--- Records for processing ---
++++++

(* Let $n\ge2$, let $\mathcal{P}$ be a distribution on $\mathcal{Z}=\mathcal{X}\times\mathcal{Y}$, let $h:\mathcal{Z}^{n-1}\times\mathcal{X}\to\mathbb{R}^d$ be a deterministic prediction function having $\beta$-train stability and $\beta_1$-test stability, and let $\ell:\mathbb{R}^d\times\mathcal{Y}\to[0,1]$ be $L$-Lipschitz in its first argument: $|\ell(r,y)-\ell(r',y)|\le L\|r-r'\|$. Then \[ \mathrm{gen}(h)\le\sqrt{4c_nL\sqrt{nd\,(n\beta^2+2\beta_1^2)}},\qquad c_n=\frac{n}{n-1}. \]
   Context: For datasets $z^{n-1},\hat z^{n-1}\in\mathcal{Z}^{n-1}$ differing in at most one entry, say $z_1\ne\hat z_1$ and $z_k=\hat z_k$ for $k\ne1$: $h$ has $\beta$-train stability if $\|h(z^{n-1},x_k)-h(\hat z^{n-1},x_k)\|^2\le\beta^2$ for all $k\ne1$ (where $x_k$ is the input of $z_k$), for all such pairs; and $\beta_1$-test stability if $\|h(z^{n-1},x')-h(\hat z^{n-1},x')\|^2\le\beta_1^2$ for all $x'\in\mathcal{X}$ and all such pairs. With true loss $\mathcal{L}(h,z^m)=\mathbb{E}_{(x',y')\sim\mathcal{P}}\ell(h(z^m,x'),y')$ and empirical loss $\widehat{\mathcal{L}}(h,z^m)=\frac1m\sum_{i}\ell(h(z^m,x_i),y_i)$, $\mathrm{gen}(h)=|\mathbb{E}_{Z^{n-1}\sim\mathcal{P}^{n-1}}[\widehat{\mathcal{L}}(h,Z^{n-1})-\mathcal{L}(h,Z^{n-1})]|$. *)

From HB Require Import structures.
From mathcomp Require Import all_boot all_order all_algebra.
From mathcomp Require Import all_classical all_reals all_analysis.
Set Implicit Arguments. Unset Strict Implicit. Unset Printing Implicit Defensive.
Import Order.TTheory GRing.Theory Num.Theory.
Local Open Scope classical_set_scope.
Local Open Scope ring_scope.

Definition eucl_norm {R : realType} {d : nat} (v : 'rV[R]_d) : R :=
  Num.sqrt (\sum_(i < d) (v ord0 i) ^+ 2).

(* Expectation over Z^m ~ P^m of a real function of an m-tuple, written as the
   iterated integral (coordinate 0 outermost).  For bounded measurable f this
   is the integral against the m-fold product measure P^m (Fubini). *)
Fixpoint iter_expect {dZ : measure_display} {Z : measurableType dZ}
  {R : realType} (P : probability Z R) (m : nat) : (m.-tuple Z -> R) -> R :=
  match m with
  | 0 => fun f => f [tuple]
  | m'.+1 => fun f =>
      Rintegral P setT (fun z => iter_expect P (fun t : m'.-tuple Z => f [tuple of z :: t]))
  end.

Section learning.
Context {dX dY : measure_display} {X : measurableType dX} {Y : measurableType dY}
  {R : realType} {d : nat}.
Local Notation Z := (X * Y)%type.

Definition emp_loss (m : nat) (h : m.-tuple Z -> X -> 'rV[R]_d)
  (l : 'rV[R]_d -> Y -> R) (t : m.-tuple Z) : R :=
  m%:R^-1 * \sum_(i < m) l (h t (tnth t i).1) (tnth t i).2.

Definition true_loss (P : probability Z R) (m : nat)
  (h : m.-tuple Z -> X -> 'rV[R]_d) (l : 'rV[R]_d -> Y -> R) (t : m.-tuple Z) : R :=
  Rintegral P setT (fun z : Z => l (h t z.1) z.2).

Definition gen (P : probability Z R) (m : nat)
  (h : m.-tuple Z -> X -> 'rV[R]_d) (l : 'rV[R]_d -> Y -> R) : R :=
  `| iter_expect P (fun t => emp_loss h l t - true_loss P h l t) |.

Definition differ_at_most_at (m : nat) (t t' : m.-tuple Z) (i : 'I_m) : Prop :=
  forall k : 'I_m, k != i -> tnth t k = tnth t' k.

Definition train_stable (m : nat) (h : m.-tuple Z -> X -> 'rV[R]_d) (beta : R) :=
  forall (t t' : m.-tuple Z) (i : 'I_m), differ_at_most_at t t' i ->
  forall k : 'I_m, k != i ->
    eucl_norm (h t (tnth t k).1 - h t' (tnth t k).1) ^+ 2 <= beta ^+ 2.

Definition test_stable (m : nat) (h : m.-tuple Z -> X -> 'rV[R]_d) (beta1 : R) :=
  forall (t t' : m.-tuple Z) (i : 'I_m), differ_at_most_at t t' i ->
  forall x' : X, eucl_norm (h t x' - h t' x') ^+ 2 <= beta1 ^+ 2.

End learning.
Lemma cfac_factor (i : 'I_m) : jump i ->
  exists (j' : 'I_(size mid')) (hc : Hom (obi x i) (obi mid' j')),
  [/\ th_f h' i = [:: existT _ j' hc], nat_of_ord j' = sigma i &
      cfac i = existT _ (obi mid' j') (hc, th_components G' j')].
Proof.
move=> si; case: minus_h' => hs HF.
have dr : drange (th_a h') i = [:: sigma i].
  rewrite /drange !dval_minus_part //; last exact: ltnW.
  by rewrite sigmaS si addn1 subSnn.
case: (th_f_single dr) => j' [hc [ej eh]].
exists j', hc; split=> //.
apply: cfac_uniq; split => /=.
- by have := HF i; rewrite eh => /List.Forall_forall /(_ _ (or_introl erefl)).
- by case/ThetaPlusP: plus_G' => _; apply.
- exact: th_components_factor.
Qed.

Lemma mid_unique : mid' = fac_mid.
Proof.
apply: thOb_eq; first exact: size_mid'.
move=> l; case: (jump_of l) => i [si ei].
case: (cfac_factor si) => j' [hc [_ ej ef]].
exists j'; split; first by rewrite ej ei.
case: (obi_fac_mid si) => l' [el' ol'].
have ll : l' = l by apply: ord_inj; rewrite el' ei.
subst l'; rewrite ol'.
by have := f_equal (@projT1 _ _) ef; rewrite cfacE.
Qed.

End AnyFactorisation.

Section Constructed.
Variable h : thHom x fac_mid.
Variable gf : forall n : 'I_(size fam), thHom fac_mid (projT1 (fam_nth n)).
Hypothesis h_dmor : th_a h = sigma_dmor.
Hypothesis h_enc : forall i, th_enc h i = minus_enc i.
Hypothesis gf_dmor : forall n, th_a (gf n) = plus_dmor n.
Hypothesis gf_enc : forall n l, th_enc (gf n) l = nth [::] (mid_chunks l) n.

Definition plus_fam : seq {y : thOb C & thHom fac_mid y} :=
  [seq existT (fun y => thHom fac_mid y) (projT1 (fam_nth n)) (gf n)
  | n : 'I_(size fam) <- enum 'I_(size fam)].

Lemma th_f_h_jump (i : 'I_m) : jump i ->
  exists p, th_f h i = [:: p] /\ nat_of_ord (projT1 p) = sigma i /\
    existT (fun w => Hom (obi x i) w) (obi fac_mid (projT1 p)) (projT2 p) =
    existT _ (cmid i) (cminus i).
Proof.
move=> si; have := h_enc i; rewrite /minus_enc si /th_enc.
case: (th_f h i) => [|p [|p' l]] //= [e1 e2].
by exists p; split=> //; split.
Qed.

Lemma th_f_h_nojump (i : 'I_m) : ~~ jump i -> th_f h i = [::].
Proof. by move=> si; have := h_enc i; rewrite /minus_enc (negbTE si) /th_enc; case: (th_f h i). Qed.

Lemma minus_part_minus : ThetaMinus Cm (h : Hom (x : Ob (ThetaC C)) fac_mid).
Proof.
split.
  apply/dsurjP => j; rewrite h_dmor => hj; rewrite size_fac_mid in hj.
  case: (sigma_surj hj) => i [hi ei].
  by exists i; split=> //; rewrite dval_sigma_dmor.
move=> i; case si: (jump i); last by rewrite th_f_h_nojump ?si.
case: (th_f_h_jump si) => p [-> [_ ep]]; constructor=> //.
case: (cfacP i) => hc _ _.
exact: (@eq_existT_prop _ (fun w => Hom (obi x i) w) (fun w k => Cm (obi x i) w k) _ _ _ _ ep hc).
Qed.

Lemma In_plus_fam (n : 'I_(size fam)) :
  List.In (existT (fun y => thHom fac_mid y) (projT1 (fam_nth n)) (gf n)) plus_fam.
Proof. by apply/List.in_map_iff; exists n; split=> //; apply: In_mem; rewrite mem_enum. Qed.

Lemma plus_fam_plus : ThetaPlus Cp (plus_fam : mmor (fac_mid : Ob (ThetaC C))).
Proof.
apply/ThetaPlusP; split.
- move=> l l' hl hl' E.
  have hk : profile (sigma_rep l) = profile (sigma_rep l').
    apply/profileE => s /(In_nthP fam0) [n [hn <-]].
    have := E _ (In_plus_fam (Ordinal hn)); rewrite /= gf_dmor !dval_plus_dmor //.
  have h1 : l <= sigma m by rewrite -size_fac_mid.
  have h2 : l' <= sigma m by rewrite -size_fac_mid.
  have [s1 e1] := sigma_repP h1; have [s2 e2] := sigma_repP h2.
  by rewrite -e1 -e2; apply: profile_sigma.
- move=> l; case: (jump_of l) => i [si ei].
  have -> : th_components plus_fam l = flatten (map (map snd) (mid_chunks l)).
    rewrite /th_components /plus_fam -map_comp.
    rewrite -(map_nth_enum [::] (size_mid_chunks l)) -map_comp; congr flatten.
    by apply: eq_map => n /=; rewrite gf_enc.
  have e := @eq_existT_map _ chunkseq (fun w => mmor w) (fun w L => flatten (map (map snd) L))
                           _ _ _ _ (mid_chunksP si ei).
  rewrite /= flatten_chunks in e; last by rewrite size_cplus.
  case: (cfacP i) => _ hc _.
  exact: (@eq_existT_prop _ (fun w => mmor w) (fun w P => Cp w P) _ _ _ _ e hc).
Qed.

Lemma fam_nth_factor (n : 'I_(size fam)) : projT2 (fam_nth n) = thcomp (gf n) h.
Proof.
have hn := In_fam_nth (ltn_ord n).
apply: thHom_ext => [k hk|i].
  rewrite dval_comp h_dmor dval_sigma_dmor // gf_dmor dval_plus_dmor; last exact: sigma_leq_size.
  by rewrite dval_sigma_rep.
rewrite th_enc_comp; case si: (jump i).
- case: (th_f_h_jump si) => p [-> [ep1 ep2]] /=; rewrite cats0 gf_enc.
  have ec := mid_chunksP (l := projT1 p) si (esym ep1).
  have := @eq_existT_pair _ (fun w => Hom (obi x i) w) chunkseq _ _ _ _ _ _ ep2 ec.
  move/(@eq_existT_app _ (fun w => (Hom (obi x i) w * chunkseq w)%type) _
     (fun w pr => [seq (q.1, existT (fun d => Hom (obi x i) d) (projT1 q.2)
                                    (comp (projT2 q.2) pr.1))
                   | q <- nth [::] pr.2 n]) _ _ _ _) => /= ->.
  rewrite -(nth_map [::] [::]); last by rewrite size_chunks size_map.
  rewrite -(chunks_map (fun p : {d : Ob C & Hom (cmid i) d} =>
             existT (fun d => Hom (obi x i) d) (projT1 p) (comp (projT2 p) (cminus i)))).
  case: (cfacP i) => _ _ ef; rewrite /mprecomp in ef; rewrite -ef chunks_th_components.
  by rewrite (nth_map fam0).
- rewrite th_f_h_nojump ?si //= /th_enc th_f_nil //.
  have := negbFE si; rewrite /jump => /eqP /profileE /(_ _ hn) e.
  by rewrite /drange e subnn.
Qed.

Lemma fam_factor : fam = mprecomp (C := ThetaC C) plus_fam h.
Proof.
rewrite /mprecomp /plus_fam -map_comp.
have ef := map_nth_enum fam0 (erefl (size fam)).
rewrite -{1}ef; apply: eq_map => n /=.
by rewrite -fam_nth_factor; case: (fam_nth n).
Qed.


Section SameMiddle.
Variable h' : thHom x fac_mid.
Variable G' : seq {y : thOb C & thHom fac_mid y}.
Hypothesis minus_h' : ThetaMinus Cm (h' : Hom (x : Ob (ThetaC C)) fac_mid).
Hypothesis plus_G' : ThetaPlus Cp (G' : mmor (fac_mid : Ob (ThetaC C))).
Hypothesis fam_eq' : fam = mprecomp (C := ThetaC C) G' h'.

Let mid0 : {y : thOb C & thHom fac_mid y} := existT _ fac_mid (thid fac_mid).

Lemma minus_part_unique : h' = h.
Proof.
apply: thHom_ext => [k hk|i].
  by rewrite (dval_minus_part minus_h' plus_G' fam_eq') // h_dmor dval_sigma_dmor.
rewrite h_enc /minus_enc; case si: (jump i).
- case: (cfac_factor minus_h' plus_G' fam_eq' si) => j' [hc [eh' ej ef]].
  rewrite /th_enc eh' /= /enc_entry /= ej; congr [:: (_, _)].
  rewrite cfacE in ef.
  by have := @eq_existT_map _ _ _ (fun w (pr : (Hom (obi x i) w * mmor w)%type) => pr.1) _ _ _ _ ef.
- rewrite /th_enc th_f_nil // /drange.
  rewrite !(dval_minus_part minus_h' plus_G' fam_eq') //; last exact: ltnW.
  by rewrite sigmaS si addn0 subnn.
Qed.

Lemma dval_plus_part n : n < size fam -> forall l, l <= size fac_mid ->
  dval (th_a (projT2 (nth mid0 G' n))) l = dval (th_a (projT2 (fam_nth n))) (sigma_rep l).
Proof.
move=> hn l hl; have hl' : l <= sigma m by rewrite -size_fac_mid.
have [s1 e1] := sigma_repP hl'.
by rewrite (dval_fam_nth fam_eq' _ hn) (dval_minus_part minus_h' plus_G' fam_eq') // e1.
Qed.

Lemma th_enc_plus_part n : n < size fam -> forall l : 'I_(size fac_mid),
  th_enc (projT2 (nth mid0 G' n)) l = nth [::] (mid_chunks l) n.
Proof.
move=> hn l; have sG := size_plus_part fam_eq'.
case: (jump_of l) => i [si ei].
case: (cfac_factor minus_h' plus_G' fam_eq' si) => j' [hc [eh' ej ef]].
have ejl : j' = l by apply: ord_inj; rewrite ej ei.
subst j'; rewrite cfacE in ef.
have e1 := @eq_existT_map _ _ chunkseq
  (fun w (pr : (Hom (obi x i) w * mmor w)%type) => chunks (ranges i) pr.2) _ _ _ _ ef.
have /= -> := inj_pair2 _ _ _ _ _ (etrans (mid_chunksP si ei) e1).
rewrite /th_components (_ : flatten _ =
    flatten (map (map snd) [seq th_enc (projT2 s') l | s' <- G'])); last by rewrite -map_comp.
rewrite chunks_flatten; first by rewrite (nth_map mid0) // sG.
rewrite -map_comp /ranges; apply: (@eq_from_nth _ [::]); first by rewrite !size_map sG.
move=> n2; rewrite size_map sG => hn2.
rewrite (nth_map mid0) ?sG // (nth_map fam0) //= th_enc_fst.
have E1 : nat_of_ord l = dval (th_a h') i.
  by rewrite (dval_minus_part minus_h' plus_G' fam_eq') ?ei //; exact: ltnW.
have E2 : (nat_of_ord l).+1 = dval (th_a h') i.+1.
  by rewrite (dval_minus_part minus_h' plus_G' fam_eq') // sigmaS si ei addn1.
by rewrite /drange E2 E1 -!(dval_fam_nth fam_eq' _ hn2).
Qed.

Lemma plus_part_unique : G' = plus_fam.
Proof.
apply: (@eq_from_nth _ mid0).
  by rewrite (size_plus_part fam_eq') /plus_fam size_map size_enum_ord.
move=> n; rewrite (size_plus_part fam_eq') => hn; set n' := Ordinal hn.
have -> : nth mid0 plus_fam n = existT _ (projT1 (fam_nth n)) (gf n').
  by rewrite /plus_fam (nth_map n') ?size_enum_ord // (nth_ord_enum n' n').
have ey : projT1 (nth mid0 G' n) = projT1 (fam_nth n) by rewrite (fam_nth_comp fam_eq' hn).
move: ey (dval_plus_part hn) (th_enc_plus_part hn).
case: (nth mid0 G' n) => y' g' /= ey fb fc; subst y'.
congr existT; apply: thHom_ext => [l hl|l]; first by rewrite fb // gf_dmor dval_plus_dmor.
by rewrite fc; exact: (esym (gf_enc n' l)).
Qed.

++++++

--- Problem requirements ---
Retype exactly, and only, the lines that run from the one with "move: ey (dval_plus_part" through the final line of the entries.

--- Exercise result ---
move: ey (dval_plus_part hn) (th_enc_plus_part hn).
case: (nth mid0 G' n) => y' g' /= ey fb fc; subst y'.
congr existT; apply: thHom_ext => [l hl|l]; first by rewrite fb // gf_dmor dval_plus_dmor.
by rewrite fc; exact: (esym (gf_enc n' l)).
Qed.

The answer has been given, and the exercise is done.